Lemma digit_eq_of_close (w w' : Sig) k δ : tag (w' k) = tag (w k) ->
  corner1 w' k = corner1 w k -> prod_a a w' k = prod_a a w k ->
  δ <= (Pi w).1 - corner1 w k.+1 ->
  δ <= corner1 w k.+1 + prod_a a w k.+1 - (Pi w).1 ->
  `|(Pi w').1 - (Pi w).1| < δ -> w' k = w k.
Proof.
move=> et e1 e2 h1 h2; rewrite ltr_norml => /andP[hd1 hd2].
have [/andP[y1 y2] _] := Pi_in_rect HLG w' k.+1.
rewrite corner1S prod_aS e1 e2 in y1 y2.
rewrite corner1S prod_aS in h1 h2.
have pa0 := prod_a_gt0 HLG w k.
case: (ltngtP (tagged (w' k)) (tagged (w k))) => [lt|gt|/(digit_inj et) //].
- by have ? := ler_wpM2l (ltW pa0) (cD_add_aD_le HLG et lt); clear et; exfalso; lra.
- by have ? := ler_wpM2l (ltW pa0) (cD_add_aD_le HLG (esym et) gt); clear et; exfalso; lra.
Qed.

Lemma close_mem_Bn (w : Sig) n δ : (1 <= n)%N ->
  (forall l, (l <= Ln a b w n)%N ->
     δ <= (Pi w).1 - corner1 w l /\ δ <= corner1 w l + prod_a a w l - (Pi w).1) ->
  (forall l, (l <= n)%N ->
     δ <= (Pi w).2 - corner2 w l /\ δ <= corner2 w l + prod_b b w l - (Pi w).2) ->
  forall w', `|(Pi w').1 - (Pi w).1| < δ -> `|(Pi w').2 - (Pi w).2| < δ ->
  Bn a b w n w'.
Proof.
move=> n1 Hh Hv w' d1 d2.
have Ln' := Ln_le HLG w n1; set L := Ln a b w n in Hh Ln' *.
suff H k : (k <= n)%N -> (forall j, (j < k)%N -> (j < L)%N -> w' j = w j) /\
                       (forall j, (j < k)%N -> tag (w' j) = tag (w j)).
  have [H1 H2] := H n (leqnn n); split => [k kL|k _]; last exact: H2.
  exact: H1 (leq_trans kL Ln') kL.
elim: k => [|k IH] kn; first by [].
have [IH1 IH2] := IH (ltnW kn).
have [e1 e2] := corner2_prefix a c b d IH2.
have [h1 h2] := Hv k.+1 kn.
have tk := tag_eq_of_close e1 e2 h1 h2 d2.
split => j; rewrite ltnS leq_eqVlt => /orP[/eqP ->|jk]; [|exact: IH1|exact: tk|exact: IH2].
move=> kL; have [f1 f2] := corner1_prefix a c b d (fun j jk => IH1 j jk (ltn_trans jk kL)).
have [g1 g2] := Hh k.+1 kL.
exact: digit_eq_of_close tk f1 f2 g1 g2 d1.
Qed.

End Separation.

Section Margins.
Variables (R : realType) (P : nat) (M : nat -> nat) (a c : nat -> nat -> R) (b d : nat -> R).
Hypothesis HLG : LG_system P M a c b d.
Local Notation Sig := (Sig P M).
Local Notation digit := (digit P M).
Local Notation Pi := (Pi a c b d).
Local Notation corner1 := (corner1 a c b d).
Local Notation corner2 := (corner2 a c b d).

Lemma two_dimensional_gaps : two_dimensional P M ->
  [/\ exists eL : digit, 0 < cD c eL, exists eR : digit, aD a eR + cD c eR < 1,
      exists eB : digit, 0 < dD d eB & exists eT : digit, bD b eT + dD d eT < 1].
Proof.
move=> [[x [y [txy nxy]]] [u [v nuv]]].
have [x' [y' [t' lt']]] : exists x' y' : digit, tag x' = tag y' /\ (tagged x' < tagged y')%N.
  case: (ltngtP (tagged x) (tagged y)) => [lt|gt|/(digit_inj txy) //].
    by exists x, y.
  by exists y, x.
have [u' [v' lt2]] : exists u' v' : digit, (tag u' < tag v')%N.
  case: (ltngtP (tag u) (tag v)) => [lt|gt|/val_inj //].
    by exists u, v.
  by exists v, u.
have hc := cD_add_aD_le HLG t' lt'.
have hd := d_add_b_le HLG lt2 (tag_le v').
have ax := aD_gt0 HLG x'; have cx := cD_ge0 HLG x'; have cy := cD_lt1 HLG y'.
have bu := bD_gt0 HLG u'; have du := dD_ge0 HLG u'; have dv := dD_lt1 HLG v'.
rewrite /dD /bD in bu du dv *; clear t'.
split; [exists y'|exists x'|exists v'|exists u']; lra.
Qed.

Lemma corner1_margin (w : Sig) l k : (l <= k)%N ->
  prod_a a w k * cD c (w k) <= (Pi w).1 - corner1 w l.
Proof.
move=> lk; have [/andP[h _] _] := Pi_in_rect HLG w k.+1.
by rewrite corner1S in h; have := corner1_homo HLG w lk; lra.
Qed.

Lemma edge1_margin (w : Sig) l k : (l <= k)%N ->
  prod_a a w k * (1 - (aD a (w k) + cD c (w k))) <= corner1 w l + prod_a a w l - (Pi w).1.
Proof.
move=> lk; have [/andP[_ h] _] := Pi_in_rect HLG w k.+1.
by rewrite corner1S prod_aS in h; have := edge1_homo HLG w lk; lra.
Qed.

Lemma corner2_margin (w : Sig) l k : (l <= k)%N ->
  prod_b b w k * dD d (w k) <= (Pi w).2 - corner2 w l.
Proof.
move=> lk; have [_ /andP[h _]] := Pi_in_rect HLG w k.+1.
by rewrite corner2S in h; have := corner2_homo HLG w lk; lra.
Qed.

Lemma edge2_margin (w : Sig) l k : (l <= k)%N ->
  prod_b b w k * (1 - (bD b (w k) + dD d (w k))) <= corner2 w l + prod_b b w l - (Pi w).2.
Proof.
move=> lk; have [_ /andP[_ h]] := Pi_in_rect HLG w k.+1.
by rewrite corner2S prod_bS in h; have := edge2_homo HLG w lk; lra.
Qed.

End Margins.

Section FrequentReturns.
Variables (R : realType) (P : nat) (M : nat -> nat).
Local Notation Sig := (Sig P M).
Local Notation digit := (digit P M).

Definition frequent_returns (w : Sig) q N := forall n, (N <= n)%N -> forall e : digit,
  exists k, [/\ (n <= k)%N, w k = e & ((k.+1 - n) * q <= n)%N].

Lemma Rd_first_return (w : Sig) n e : Rd R w n e != +oo%E ->
  exists k, [/\ (n <= k)%N, w k = e & Rd R w n e = (k.+1 - n)%:R%:E].
Proof.
rewrite /Rd; case: pselect => [ex _|//].
have exmin : exists k, [set k | ((n <= k)%N /\ w k = e) /\
    forall k', (n <= k')%N -> w k' = e -> (k <= k')%N] k.
  have exP : exists k, (n <= k)%N && (w k == e).
    by have [k [h1 h2]] := ex; exists k; rewrite h1 h2 eqxx.
  case: (ex_minnP exP) => k /andP[h1 /eqP h2] hmin; exists k; split => //.
  by move=> k' h1' h2'; apply: hmin; rewrite h1' h2' eqxx.
have := xgetPex 0%N exmin; set k := xget 0%N _ => -[[h1 h2] _].
by exists k.
Qed.

Lemma frequent_returns_of_Rn (w : Sig) :
  (fun n : nat => (Rn R w n * ((n%:R : R)^-1)%:E)%E) @ \oo --> ((0 : R)%:E) ->
  forall q, (0 < q)%N -> exists N, frequent_returns w q N.
Proof.
move=> /fine_cvgP [[N2 _ H2] hfine] q q0.
have qi : 0 < (q%:R : R)^-1 by rewrite invr_gt0 ltr0n.
have [N1 _ H1] := cvgr0_norm_lt _ hfine _ qi.
exists (maxn 1 (maxn N1 N2)) => n; rewrite !geq_max => /and3P[n1 nN1 nN2] e.
have n0 : (0 : R) < n%:R by rewrite ltr0n.
have hlt : (Rn R w n * (n%:R^-1)%:E < (q%:R^-1)%:E)%E.
  by rewrite -(fineK (H2 n nN2)) lte_fin; apply: le_lt_trans (ler_norm _) (H1 n nN1).
have hle : (Rd R w n e * (n%:R^-1)%:E <= Rn R w n * (n%:R^-1)%:E)%E.
  by apply: lee_wpmul2r; [rewrite lee_fin invr_ge0 ltW|exact: le_bigmax].
have := le_lt_trans hle hlt; have [Rdoo|] := eqVneq (Rd R w n e) +oo%E.
  by rewrite Rdoo gt0_mulye ?lte_fin ?invr_gt0.
move=> /Rd_first_return [k [h1 h2 ->]]; rewrite -EFinM lte_fin => hk.
exists k; split => //; move: hk.
by rewrite ltr_pdivrMr // [_ * n%:R]mulrC ltr_pdivlMr ?ltr0n // -natrM ltr_nat => /ltnW.
Qed.

End FrequentReturns.

Lemma exists_last_above (R : realType) (f : nat -> R) r N : r < f N ->
  (exists K, forall n, (K <= n)%N -> f n <= r) ->
  exists n, [/\ (N <= n)%N, r < f n & f n.+1 <= r].
Proof.
move=> rN [K HK].
have exS : exists n, (N <= n)%N && (r < f n) by exists N; rewrite leqnn rN.
have ubS n : (N <= n)%N && (r < f n) -> (n <= K)%N.
  by case/andP=> _; apply: contraTleq => /ltnW /HK; rewrite leNgt => /negbTE ->.
case: (ex_maxnP exS ubS) => n /andP[Nn rn] nmax; exists n; split => //.
by rewrite leNgt; apply/negP => rn1; have := nmax n.+1; rewrite rn1 ltnn (leq_trans Nn) // => /(_ isT).
Qed.

(* [lr], [lrho], [lu], [lv] stand for the logarithms of the radius, of
   rho_n and of the two measures; [C], [A], [B] for [-ln gap], [-ln amin],
   [-ln bmax]. *)
Lemma ln_ratio_shift_scale (R : realType) (t ε lu lv lrho lr C A B q n : R) :
  0 < ε -> lu <= lv -> lrho < 0 -> lr < 0 -> lr <= lrho -> lv < t * lrho ->
  0 <= C -> 0 < A -> 0 < B -> 0 < q -> 1 <= n ->
  - lr * q <= (C + 2 * A - lrho) * q + (n + 1) * A ->
  n * B <= - lrho -> 2 * t * (C + 2 * A) <= ε * (- lrho) -> 4 * t * A <= ε * B * q ->
  t - ε <= lu / lr.
Proof.
move=> e0 huv hρ hr hrρ hv C0 A0 B0 q0 n1 hD hΛ h2 h4.
rewrite ler_ndivlMr //.
suff : t * lrho <= (t - ε) * lr by lra.
have [t0|t0] := leP t 0.
  have : t * (lrho - lr) <= ε * (- lr) by nra.
  nra.
have [te|te] := leP (t - ε) 0; first nra.
have h1 : (t - ε) * (- lr * q) <= (t - ε) * ((C + 2 * A - lrho) * q + (n + 1) * A).
  by rewrite ler_wpM2l // ltW // subr_gt0.
have h2' : (t - ε) * (C + 2 * A) <= ε * (- lrho) / 2.
  have : (t - ε) * (C + 2 * A) <= t * (C + 2 * A) by rewrite ler_wpM2r //; lra.
  lra.
have h3 : (t - ε) * (n + 1) * A <= n * (ε * B * q) / 2.
  have : (t - ε) * (n + 1) * A <= t * (2 * n) * A.
    by rewrite ler_wpM2r //; [lra|nra].
  nra.
have h5 : n * (ε * B * q) <= (- lrho) * ε * q.
  have : n * B * (ε * q) <= (- lrho) * (ε * q) by rewrite ler_wpM2r // mulr_ge0 // ltW.
  lra.
have : (t - ε) * (- lr * q) <= t * (- lrho) * q by nra.
move=> h; have : (t - ε) * (- lr) <= t * (- lrho) by rewrite -(ler_pM2r q0); lra.
lra.
Qed.

Lemma window_leq_div s n k q : (0 < q)%N -> (s <= n)%N -> (s <= k)%N ->
  ((k.+1 - s) * q <= s)%N -> (k - s <= n %/ q)%N.
Proof.
move=> q0 sn sk h; rewrite leq_divRL //; apply: leq_trans _ (leq_trans h sn).
by rewrite leq_mul2r subSn // leqnSn orbT.
Qed.

Section InnerBall.
Variables (R : realType) (P : nat) (M : nat -> nat) (a c : nat -> nat -> R) (b d : nat -> R).
Hypothesis HLG : LG_system P M a c b d.
Local Notation Sig := (Sig P M).
Local Notation digit := (digit P M).
Local Notation Pi := (Pi a c b d).
Local Notation amin := (amin P M a).

Variables (eL eR eB eT : digit).
Hypotheses (hL : 0 < cD c eL) (hR : aD a eR + cD c eR < 1)
  (hB : 0 < dD d eB) (hT : bD b eT + dD d eT < 1).

Definition gap : R := Num.min (Num.min (cD c eL) (1 - (aD a eR + cD c eR)))
   (Num.min (dD d eB) (1 - (bD b eT + dD d eT))).

Lemma gap_gt0 : 0 < gap.
Proof. by rewrite /gap !lt_min hL hB !subr_gt0 hR hT. Qed.

Lemma gap_lt1 : gap < 1.
Proof. by apply: le_lt_trans (cD_lt1 HLG eL); rewrite /gap !ge_min lexx. Qed.

Definition inner_radius (w : Sig) q n : R := gap * amin ^+ (n %/ q).+1 * prod_b b w n.

Lemma inner_radius_gt0 (w : Sig) q n : 0 < inner_radius w q n.
Proof.
by rewrite !mulr_gt0 ?gap_gt0 ?exprn_gt0 ?(amin_gt0 HLG) ?(prod_b_gt0 HLG).
Qed.

Lemma inner_radius_le_prod_b (w : Sig) q n : inner_radius w q n <= prod_b b w n.
Proof.
rewrite /inner_radius ger_pMl ?(prod_b_gt0 HLG) // -[1]mulr1.
have a0 := amin_gt0 HLG; have a1 := amin_lt1 HLG; have C0 := gap_gt0.
apply: ler_pM; [exact: ltW|exact/exprn_ge0/ltW|exact: ltW gap_lt1|].
by apply: exprn_ile1; exact: ltW.
Qed.

Lemma inner_radius_le_mul (w : Sig) q n p κ : gap <= κ ->
  amin * prod_b b w n * amin ^+ (n %/ q) <= p -> inner_radius w q n <= p * κ.
Proof.
move=> Cκ hp.
have -> : inner_radius w q n = (amin * prod_b b w n * amin ^+ (n %/ q)) * gap.
  by rewrite /inner_radius exprS; ring.
apply: ler_pM => //; last exact/ltW/gap_gt0.
by apply/ltW; rewrite !mulr_gt0 ?exprn_gt0 ?(amin_gt0 HLG) ?(prod_b_gt0 HLG).
Qed.

Lemma amin_window_le q n s k : (0 < q)%N -> (s <= n)%N -> (s <= k)%N ->
  ((k.+1 - s) * q <= s)%N -> amin ^+ (n %/ q) <= amin ^+ (k - s).
Proof.
move=> q0 sn sk h; apply: ler_wiXn2l; rewrite ?ltW ?(amin_gt0 HLG) ?(amin_lt1 HLG) //.
exact: window_leq_div.
Qed.

Lemma inner_radius_le_margin1 (w : Sig) q N n l : (0 < q)%N ->
  frequent_returns w q N -> (1 <= n)%N -> (N <= Ln a b w n)%N -> (l <= Ln a b w n)%N ->
  inner_radius w q n <= (Pi w).1 - corner1 a c b d w l /\
  inner_radius w q n <= corner1 a c b d w l + prod_a a w l - (Pi w).1.
Proof.
move=> q0 HW n1 NL lL; have Ln_n := Ln_le HLG w n1.
have window (k : nat) : (Ln a b w n <= k)%N ->
    ((k.+1 - Ln a b w n) * q <= Ln a b w n)%N ->
    amin * prod_b b w n * amin ^+ (n %/ q) <= prod_a a w k.
  move=> Lk hk; apply: le_trans (prod_a_amin_le HLG w Lk).
  have a0 := amin_gt0 HLG; have ρ0 := prod_b_gt0 HLG w n.
  apply: ler_pM; [exact/ltW/mulr_gt0|exact/exprn_ge0/ltW|exact: (amin_prod_b_le_prod_a_Ln HLG)|].
  exact: amin_window_le.
have [k1 [h1 e1 w1]] := HW _ NL eL; have [k2 [h2 e2 w2]] := HW _ NL eR.
split.
- apply: le_trans (corner1_margin HLG w (leq_trans lL h1)).
  by rewrite e1; apply: inner_radius_le_mul (window _ h1 w1); rewrite /gap !ge_min lexx.
- apply: le_trans (edge1_margin HLG w (leq_trans lL h2)).
  by rewrite e2; apply: inner_radius_le_mul (window _ h2 w2); rewrite /gap !ge_min lexx orbT.
Qed.

Lemma inner_radius_le_margin2 (w : Sig) q N n l : (0 < q)%N ->
  frequent_returns w q N -> (N <= n)%N -> (l <= n)%N ->
  inner_radius w q n <= (Pi w).2 - corner2 a c b d w l /\
  inner_radius w q n <= corner2 a c b d w l + prod_b b w l - (Pi w).2.
Proof.
move=> q0 HW Nn ln.
have window (k : nat) : (n <= k)%N -> ((k.+1 - n) * q <= n)%N ->
    amin * prod_b b w n * amin ^+ (n %/ q) <= prod_b b w k.
  move=> nk hk; apply: le_trans (prod_b_amin_le HLG w nk).
  have a0 := amin_gt0 HLG; have ρ0 := prod_b_gt0 HLG w n.
  apply: ler_pM; [exact/ltW/mulr_gt0|exact/exprn_ge0/ltW| |exact: amin_window_le].
  by rewrite ger_pMl // ltW // (amin_lt1 HLG).
have [k1 [h1 e1 w1]] := HW _ Nn eB; have [k2 [h2 e2 w2]] := HW _ Nn eT.
split.
- apply: le_trans (corner2_margin HLG w (leq_trans ln h1)).
  by rewrite e1; apply: inner_radius_le_mul (window _ h1 w1); rewrite /gap !ge_min lexx !orbT.
- apply: le_trans (edge2_margin HLG w (leq_trans ln h2)).
  by rewrite e2; apply: inner_radius_le_mul (window _ h2 w2); rewrite /gap !ge_min lexx !orbT.
Qed.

Task brief
Looking at the records above, say how many of their lines include the word "Definition", with no other words.

Task output
3